◆ Work to complete ◆
Where does the string "Require" appear in the listing below? Copy every line where it does.

---

(* Let $t\le k$ and $n$ be positive integers. If there exists an orthogonal array OA$(t,k,n)$, then there exists a large set of orthogonal arrays LOA$(t,k,n)$.
   Context: An orthogonal array OA$(t,k,n)$ is an $n^t\times k$ matrix with entries from $\mathbb{Z}_n$ such that in the submatrix formed by any $t$ columns each ordered $t$-tuple over $\mathbb{Z}_n$ occurs exactly once as a row. A large set of orthogonal arrays LOA$(t,k,n)$ is a set of $n^{k-t}$ orthogonal arrays OA$(t,k,n)$ such that each vector of length $k$ over $\mathbb{Z}_n$ occurs as a row in exactly one of them. *)

From mathcomp Require Import all_boot.
Set Implicit Arguments. Unset Strict Implicit. Unset Printing Implicit Defensive.

(* Entries are taken from 'I_n, identified with Z_n = {0,...,n-1}
   (only the symbol set matters; no ring structure is used). *)

Definition array (t k n : nat) := 'I_(n ^ t) -> {ffun 'I_k -> 'I_n}.

(* Orthogonal array OA(t,k,n): for every choice of t distinct columns
   (given as an injective map c : 'I_t -> 'I_k), every ordered t-tuple
   u over Z_n occurs exactly once as a row of the corresponding submatrix. *)
Definition is_OA (t k n : nat) (A : array t k n) : Prop :=
  forall c : 'I_t -> 'I_k, injective c ->
  forall u : {ffun 'I_t -> 'I_n},
    #|[set r : 'I_(n ^ t) | [ffun j => A r (c j)] == u]| = 1.

Definition is_LOA (t k n : nat) (L : 'I_(n ^ (k - t)) -> array t k n) : Prop :=
  (forall i, is_OA (L i)) /\
  forall v : {ffun 'I_k -> 'I_n},
    #|[set i : 'I_(n ^ (k - t)) | [exists r : 'I_(n ^ t), L i r == v]]| = 1.

From mathcomp Require Import all_boot ssralg zmodp.
Set Implicit Arguments. Unset Strict Implicit. Unset Printing Implicit Defensive.
Import GRing.Theory.

(* View Z_n as the additive group 'I_n and write k = t + d.  Adding a fixed
   vector to every row of an OA(t,k,n) A permutes the t-tuples seen in any t
   columns, so it gives again an OA.  The n^d translates of A by the vectors
   (0,w), w in Z_n^d, form a large set: v lies in the translate by (0,w) iff
   v - (0,w) is a row r of A; the first t columns force r to be the unique row
   of A agreeing with v there, and then w = v_tail - (A r)_tail.  Nothing here
   needs t > 0; n > 0 is what makes 'I_n a group. *)

Lemma OA_rowP (t k n : nat) (A : array t k n) (c : 'I_t -> 'I_k)
    (u : {ffun 'I_t -> 'I_n}) :
  is_OA A -> injective c ->
  exists r0, forall r, (forall j, A r (c j) = u j) <-> r = r0.
Proof.
move=> oaA inj_c; have /eqP/cards1P[r0 Er0] := oaA c inj_c u.
exists r0 => r; move/setP: Er0 => /(_ r); rewrite !inE => Er.
split=> [E | r_r0 j].
  by apply/eqP; rewrite -Er; apply/eqP/ffunP => j; rewrite ffunE.
by move: Er; rewrite r_r0 eqxx => /eqP/ffunP/(_ j); rewrite ffunE.
Qed.

Lemma reindex_LOA (t k n : nat) (I : finType) (F : I -> array t k n) :
  #|I| = n ^ (k - t) ->
  (forall i, is_OA (F i)) ->
  (forall v, #|[set i | [exists r, F i r == v]]| = 1) ->
  exists L : 'I_(n ^ (k - t)) -> array t k n, is_LOA L.
Proof.
move=> cardI oaF partF; set g := fun i => enum_val (cast_ord (esym cardI) i).
have g_bij : bijective g.
  exists (fun x => cast_ord cardI (enum_rank x)) => i.
    by rewrite /g enum_valK cast_ordKV.
  by rewrite /g cast_ordK enum_rankK.
exists (F \o g); split=> [i | v]; first exact: oaF.
rewrite -(partF v) -(on_card_preimset (onW_bij _ g_bij)).
by apply: eq_card => i; rewrite !inE.
Qed.

Local Open Scope ring_scope.

Section Translates.
Variables t k m : nat.
Local Notation n := m.+1.

Definition translate (A : array t k n) (s : {ffun 'I_k -> 'I_n}) :
  array t k n := fun r => A r + s.

Lemma translateE (A : array t k n) s r j : translate A s r j = A r j + s j.
Proof. exact: ffunE. Qed.

Lemma translate_OA (A : array t k n) s : is_OA A -> is_OA (translate A s).
Proof.
move=> oaA c inj_c u; rewrite -(oaA c inj_c [ffun j => u j - s (c j)]).
apply: eq_card => r; rewrite !inE.
apply/eqP/eqP => /ffunP E; apply/ffunP => j; have := E j; rewrite !ffunE.
  by move=> <-; rewrite addrK.
by move=> ->; rewrite subrK.
Qed.

End Translates.

Section ZeroHead.
Variables t d m : nat.
Local Notation n := m.+1.

Definition zero_head (w : {ffun 'I_d -> 'I_n}) : {ffun 'I_(t + d) -> 'I_n} :=
  [ffun j => if split j is inr j' then w j' else 0].

Lemma zero_head_lshift w j : zero_head w (lshift d j) = 0.
Proof. by rewrite ffunE (unsplitK (inl _ j)). Qed.

Lemma zero_head_rshift w j : zero_head w (rshift t j) = w j.
Proof. by rewrite ffunE (unsplitK (inr _ j)). Qed.

Lemma zero_head_translates_partition (A : array t (t + d) n) v :
  is_OA A ->
  #|[set w | [exists r, translate A (zero_head w) r == v]]| = 1%N.
Proof.
move=> oaA.
have [r0 Er0] := OA_rowP [ffun j => v (lshift d j)] oaA (@lshift_inj t d).
have head_r0 j : A r0 (lshift d j) = v (lshift d j).
  by have /Er0/(_ j) := erefl r0; rewrite ffunE.
apply/eqP/cards1P; exists [ffun j => v (rshift t j) - A r0 (rshift t j)].
apply/setP => w; rewrite !inE.
apply/existsP/eqP => [[r /eqP Ev] | ->].
  have r_r0 : r = r0.
    by apply/Er0 => j; rewrite ffunE -Ev translateE zero_head_lshift addr0.
  subst r; apply/ffunP => j.
  by rewrite ffunE -Ev translateE zero_head_rshift [A r0 _ + _]addrC addrK.
exists r0; apply/eqP/ffunP => j; rewrite translateE.
case: (split_ordP j) => j' ->.
  by rewrite zero_head_lshift addr0 head_r0.
by rewrite zero_head_rshift ffunE addrC subrK.
Qed.

End ZeroHead.

Local Close Scope ring_scope.

Theorem theorem3 (t k n : nat) :
  0 < t -> t <= k -> 0 < n ->
  (exists A : array t k n, is_OA A) ->
  exists L : 'I_(n ^ (k - t)) -> array t k n, is_LOA L.
Proof.
move=> _ t_le_k; have {t_le_k}[d ->] : exists d, k = t + d.
  by exists (k - t); rewrite subnKC.
case: n => [//|m] _ [A oaA].
have card_shifts : #|{ffun 'I_d -> 'I_m.+1}| = m.+1 ^ (t + d - t).
  by rewrite card_ffun !card_ord addKn.
apply: (reindex_LOA (F := fun w => translate A (zero_head t w)) card_shifts).
  by move=> w; apply: translate_OA.
by move=> v; apply: zero_head_translates_partition.
Qed.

---

◆ Task result ◆
From mathcomp Require Import all_boot.
From mathcomp Require Import all_boot ssralg zmodp.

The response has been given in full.